Descrever um padrão (ou regularidade) de sequências repetitivas e de sequências recursivas, por meio de palavras, símbolos ou desenhos.

ÁlgebraIdentificação de regularidade de sequências e determinação de elementos ausentes na sequência
CE

Escrito pela equipe pedagógica do Profez

Conteúdo revisado por professores com experiência em sala de aula · Atualizado para 2026

Olha, essa habilidade EF02MA10 da BNCC é aquele lance de os meninos começarem a reconhecer padrões em uma sequência. É tipo quando eles conseguem olhar uma sequência de números, desenhos ou qualquer coisa assim e perceber que tem uma lógica ali, sabe? Por exemplo, se você mostrar uma sequência tipo 2, 4, 6, 8, eles percebem que o padrão é "pula de dois em dois". Ou se são triângulos azuis e vermelhos alternados, eles precisam sacar que a cada triângulo azul vem um vermelho. A ideia é que eles consigam não só identificar esse padrão, mas também continuar a sequência ou preencher partes faltantes.

Na prática, isso significa que os alunos precisam começar a pensar de forma lógica e organizada. Eles já vêm do primeiro ano com noção básica de contagem e algumas sequências simples, tipo contar de um em um ou repetir alguns movimentos. Agora, no segundo ano, é hora de sofisticar essas noções. Ao invés de só contar de um em um, eles começam a fazer contagens mais complexas, perceberem padrões visuais e até criar seus próprios padrões.

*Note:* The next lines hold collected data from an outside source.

Lemma natr_mul_expr_cvg0 (r : R) : 0 <= r < 1 -> (fun N => N.+1%:R * r ^+ N) @ \oo --> 0.
Proof.
move=> /andP[r_ge0 r_lt1]; set t := Num.sqrt r.
have t_ge0 : 0 <= t by rewrite sqrtr_ge0.
have t_lt1 : t < 1 by rewrite -sqrtr1 ltr_sqrt.
apply: (cvg0_sandwich (b := fun N => t ^+ N * (1 - t)^-1)) => [N|]; last first.
  rewrite -(mul0r (1 - t)^-1); apply: cvgM; last exact: cvg_cst.
  by apply: cvg_expr; rewrite ger0_norm.
rewrite mulr_ge0 ?exprn_ge0 //=.
have -> : r ^+ N = t ^+ N * t ^+ N by rewrite -exprMn -expr2 sqr_sqrtr.
rewrite mulrA mulrC ler_wpM2l ?exprn_ge0 //.
by rewrite natr_mul_expr_le // t_ge0.
Qed.

Lemma cvgn_sub_remainder (u e : R^nat) (l : R) :
  (forall N, u N.+1 = l - e N) -> e @ \oo --> 0 -> u @ \oo --> l.
Proof.
move=> uE e_cvg0; rewrite -cvg_shiftS (_ : [sequence u _.+1]_ _ = fun N => l - e N).
  by have := cvgB (cvg_cst l) e_cvg0; rewrite subr0; apply.
by apply: funext => N; rewrite /= uE.
Qed.

End Limits.

Section ResetCollector.
Variables (R : realType) (n : nat) (rho : R) (p : 'I_n -> R).

Lemma probC_completion_mass q N :
  q != 0 -> q ^+ N * probC q p N = completion_mass Some p N.
Proof.
move=> q_neq0; rewrite /probC mulr_sumr; apply: eq_bigr => s _.
rewrite -{1}(size_tuple s); elim: (tval s) => [|i t IH]; first by rewrite !big_nil mulr1.
by rewrite !big_cons /= exprS -IH; field.
Qed.

Lemma probT_completion_mass N :
  probT rho p N = completion_mass id (reset_weight rho p) N.
Proof. by apply: eq_bigl => s; rewrite map_id. Qed.

Hypothesis n_gt0 : (0 < n)%N.
Hypothesis rho_gt0 : 0 < rho.
Hypothesis p_gt0 : forall i, 0 < p i.
Hypothesis sum_p : \sum_i p i = 1 - rho.

Let p_ge0 i : 0 <= p i. Proof. exact: ltW. Qed.

Let sum_p_gt0 : 0 < \sum_i p i.
Proof. by rewrite (bigD1 (Ordinal n_gt0)) //= ltr_wpDr ?sumr_ge0. Qed.

Let sum_p_lt1 : \sum_i p i < 1.
Proof. by rewrite sum_p ltrBlDr ltrDl. Qed.

Let rho_le1 : rho <= 1.
Proof. by rewrite -subr_ge0 -sum_p ltW. Qed.

Let finish_prob_gt0 A : 0 < finish_prob p A.
Proof. by have /andP[] := finish_prob_bounds p_gt0 sum_p_lt1 A. Qed.

Let finish_prob_le1 A : finish_prob p A <= 1.
Proof. by have /andP[] := finish_prob_bounds p_gt0 sum_p_lt1 A. Qed.

Lemma finish_prob_walk_harmonic :
  {in [pred A | A != [set: 'I_n]], forall A,
    finish_prob p A = finish_mass Some p A + killed_step Some p (finish_prob p) A}.
Proof.
move=> A A_proper; rewrite finish_prob_harmonic // /finish_mass /killed_step.
rewrite -big_split; apply: eq_bigr => i _ /=; rewrite /next_state /=.
by case: eqP => [->|_]; rewrite ?finish_prob_setT /=; ring.
Qed.

Lemma killed_step1_le_sum A : killed_step Some p (fun=> 1) A <= \sum_i p i.
Proof. by apply: ler_sum => i _; case: ifP; rewrite ?mulr0 ?mulr1. Qed.

Definition mean_remaining_time (A : {set 'I_n}) : R :=
  (1 - finish_prob p A) / (rho * finish_prob p finset.set0).

Local Notation V := mean_remaining_time.
Local Notation s0 := (finish_prob p finset.set0).

Let rho_neq0 : rho != 0. Proof. exact: lt0r_neq0. Qed.
Let s0_neq0 : s0 != 0. Proof. exact: lt0r_neq0. Qed.
Let rho_s0_gt0 : 0 < rho * s0. Proof. by rewrite mulr_gt0. Qed.

Let rate_bounds : 0 <= 1 - rho * s0 < 1.
Proof.
rewrite subr_ge0 ltrBlDr ltrDl rho_s0_gt0 andbT -[1]mul1r.
by rewrite ler_pM ?finish_prob_le1 ?(ltW rho_gt0) ?(ltW (finish_prob_gt0 _)).
Qed.

Lemma reset_weight_ge0 c : 0 <= reset_weight rho p c.
Proof. by case: c => [i|] /=; rewrite ltW. Qed.

Lemma reset_weight_sum : \sum_c reset_weight rho p c = 1.
Proof. by rewrite sum_option /= sum_p addrC subrK. Qed.

Lemma mean_remaining_time_poisson :
  {in [pred A | A != [set: 'I_n]], forall A,
    killed_step id (reset_weight rho p) V A = V A - 1}.
Proof.
move=> A A_proper; have V_setT : V [set: 'I_n] = 0.
  by rewrite /V finish_prob_setT subrr mul0r.
have -> : killed_step id (reset_weight rho p) V A =
          \sum_c reset_weight rho p c * V (next_state id A c).
  by apply: eq_bigr => c _; case: eqP => [->|_]; rewrite ?V_setT.
rewrite sum_option /next_state /=.
have -> : \sum_i p i * V (i |: A) = (1 - rho - finish_prob p A) / (rho * s0).
  rewrite finish_prob_harmonic // -sum_p -sumrB mulr_suml; apply: eq_bigr => i _.
  by rewrite /V; field; rewrite s0_neq0 rho_neq0.
by rewrite /V; field; rewrite s0_neq0 rho_neq0.
Qed.

Lemma mean_remaining_time_ge1 A : A != [set: 'I_n] -> 1 <= V A.
Proof.
move=> A_proper; rewrite /V ler_pdivlMr // mul1r lerBrDr -lerBrDl.
apply: le_trans (finish_prob_le_sum p_gt0 sum_p_lt1 A_proper) _.
by rewrite sum_p lerB // ger_pMr // finish_prob_le1.
Qed.

Lemma mean_remaining_time_contract :
  {in [pred A | A != [set: 'I_n]], forall A,
    killed_step id (reset_weight rho p) V A <= (1 - rho * s0) * V A}.
Proof.
move=> A A_proper; rewrite mean_remaining_time_poisson // mulrBl mul1r lerB //.
by rewrite /V mulrCA mulfV ?mulf_neq0 // mulr1 lerBlDr lerDl ltW.
Qed.

Local Open Scope classical_set_scope.

Lemma finish_remainder_cvg0 :
  (fun N => survival_mass Some p N (finish_prob p)) @ \oo --> 0.
Proof.
apply: (cvg0_sandwich (b := fun N => (\sum_i p i) ^+ N)) => [N|]; last first.
  by apply: cvg_expr; rewrite ger0_norm ?sum_p_lt1 ?sumr_ge0.
rewrite survival_mass_ge0 // => [|A _]; last exact: ltW.
apply: le_trans (_ : survival_mass Some p N (fun=> 1) <= _).
  by apply: ler_survival_mass => // A _; apply: finish_prob_le1.
rewrite -[X in _ <= X]mulr1; apply: survival_mass_geometric => // [|A _].
  exact: sumr_ge0.
by rewrite mulr1 killed_step1_le_sum.
Qed.

Lemma phiC_finish_prob : phiC (1 - rho) p (1 - rho) = finish_prob p finset.set0.
Proof.
apply/cvg_lim => //; apply: cvgn_sub_remainder finish_remainder_cvg0 => N.
rewrite /series /= -(harmonic_telescope n_gt0 finish_prob_walk_harmonic).
by apply: eq_bigr => t _; rewrite probC_completion_mass // -sum_p lt0r_neq0.
Qed.

Lemma mean_time_remainder_cvg0 :
  (fun N => survival_mass id (reset_weight rho p) N (fun A => N%:R + V A)) @ \oo --> 0.
Proof.
have [rate_ge0 rate_lt1] := andP rate_bounds.
apply: (cvg0_sandwich (b := fun N => N.+1%:R * (1 - rho * s0) ^+ N * V finset.set0)).
  move=> N; rewrite survival_mass_ge0 /= => [|c|A /mean_remaining_time_ge1 V_ge1].
  - apply: le_trans (_ : survival_mass id _ N (fun A => N.+1%:R * V A) <= _).
      apply: ler_survival_mass => [c|A /mean_remaining_time_ge1 V_ge1].
        exact: reset_weight_ge0.
      by rewrite -addn1 natrD mulrDl mul1r lerD2r ler_peMr.
    rewrite survival_massZ -mulrA ler_wpM2l //.
    exact: (survival_mass_geometric reset_weight_ge0 n_gt0 rate_ge0
                                    mean_remaining_time_contract N).
  - exact: reset_weight_ge0.
  - by rewrite addr_ge0 // (le_trans ler01).
rewrite -(mul0r (V finset.set0)); apply: cvgM; last exact: cvg_cst.
by apply: natr_mul_expr_cvg0; rewrite rate_ge0.
Qed.

Lemma expT_mean_remaining_time : expT rho p = (V finset.set0)%:E.
Proof.
have partial_cvg : (fun N => \sum_(0 <= t < N) t%:R * probT rho p t) @ \oo --> V finset.set0.
  apply: cvgn_sub_remainder mean_time_remainder_cvg0 => N.
  rewrite -(poisson_telescope n_gt0 reset_weight_sum mean_remaining_time_poisson).
  by apply: eq_bigr => t _; rewrite probT_completion_mass.
rewrite /expT (_ : (fun N => _) = EFin \o (fun N => \sum_(0 <= t < N) t%:R * probT rho p t)).
  by rewrite EFin_lim ?(cvg_lim _ partial_cvg) //; apply/cvg_ex; exists (V finset.set0).
by apply: funext => N; rewrite /= sumEFin.
Qed.

End ResetCollector.

Theorem mainTheorem18 (R : realType) (n : nat) (rho : R) (p : 'I_n -> R) :
  (1 <= n)%N ->
  0 < rho < 1 ->
  (forall i, 0 < p i) ->
  \sum_(i < n) p i = 1 - rho ->
  let q := 1 - rho in
  let s := phiC q p q in
  expT rho p = ((1 - s) / (rho * s))%:E.
Proof.
(* [rho < 1] is implied by [p_gt0] and [sum_p]. *)
move=> n_gt0 /andP[rho_gt0 _] p_gt0 sum_p q s.
by rewrite /s /q phiC_finish_prob // expT_mean_remaining_time.
Qed.
(* Let $\mathbb K\subset\mathbb{R}^{d_{\mathrm{input}}}$ be bounded and let $\tilde g:\mathbb K\to\mathbb{R}$ be 1-Lipschitz with respect to the $\ell_\infty$-norm, i.e. $|\tilde g(\mathbf x_1)-\tilde g(\mathbf x_2)|\le\|\mathbf x_1-\mathbf x_2\|_\infty$. Then for every $\epsilon>0$ there exists an $\ell_\infty$-dist net $g$ with scalar output, all of whose layers have width at most $d_{\mathrm{input}}+2$, such that $|g(\mathbf x)-\tilde g(\mathbf x)|\le\epsilon$ for all $\mathbf x\in\mathbb K$.
   Context: An $L$-layer $\ell_\infty$-dist net takes $\mathbf x^{(0)}=\mathbf x\in\mathbb{R}^{d_{\mathrm{input}}}$ and computes, for $1\le l\le L$, $1\le k\le d_l$, $x^{(l)}_k=\|\mathbf x^{(l-1)}-\mathbf w^{(l,k)}\|_\infty+b^{(l,k)}$, with arbitrary real parameters $\mathbf w^{(l,k)}\in\mathbb{R}^{d_{l-1}}$ ($d_0=d_{\mathrm{input}}$) and $b^{(l,k)}\in\mathbb{R}$; its width is $\max_l d_l$. For a scalar-output net ($d_L=1$) the computed function is $g(\mathbf x)=-x^{(L)}_1$. The depth $L$ is arbitrary (finite). *)

From HB Require Import structures.
From mathcomp Require Import all_boot all_order all_algebra.
From mathcomp Require Import reals.
Set Implicit Arguments. Unset Strict Implicit. Unset Printing Implicit Defensive.
Import Order.TTheory GRing.Theory Num.Theory.
Local Open Scope ring_scope.

Definition linf (R : realType) (n : nat) (x : 'I_n -> R) : R :=
  \big[Num.max/0]_(i < n) `|x i|.

Definition dist_layer (R : realType) (din dout : nat)
  (w : 'I_dout -> 'I_din -> R) (b : 'I_dout -> R) (x : 'I_din -> R)
  : 'I_dout -> R :=
  fun k => linf (fun j => x j - w k j) + b k.

Inductive distnet (R : realType) : nat -> nat -> Type :=
| DLast (din dout : nat) (w : 'I_dout -> 'I_din -> R) (b : 'I_dout -> R) :
    distnet R din dout
| DCons (din dmid dout : nat) (w : 'I_dmid -> 'I_din -> R) (b : 'I_dmid -> R) :
    distnet R dmid dout -> distnet R din dout.

Fixpoint net_eval (R : realType) (din dout : nat) (N : distnet R din dout)
  : ('I_din -> R) -> 'I_dout -> R :=
  match N with
  | DLast _ _ w b => dist_layer w b
  | DCons _ _ _ w b rest => fun x => net_eval rest (dist_layer w b x)
  end.

Fixpoint net_width (R : realType) (din dout : nat) (N : distnet R din dout) : nat :=
  match N with
  | DLast _ dout _ _ => dout
  | DCons _ dmid _ _ _ rest => maxn dmid (net_width rest)
  end.

Definition net_fun (R : realType) (din : nat) (N : distnet R din 1)
  (x : 'I_din -> R) : R := - net_eval N x ord0.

Uma coisa que faço na minha sala é usar materiais bem simples pra introduzir esses conceitos. A primeira atividade que gosto de fazer é com tampinhas de garrafa. A gente junta um monte delas antes da aula e eu levo caixas cheias pra sala. Normalmente divido a turma em grupos de quatro ou cinco alunos e dou pra cada grupo umas vinte tampinhas de cores diferentes. Peço que montem uma sequência com as tampinhas. Aí eles têm que explicar pros colegas o padrão que criaram. Essa atividade costuma durar uns 30 minutos.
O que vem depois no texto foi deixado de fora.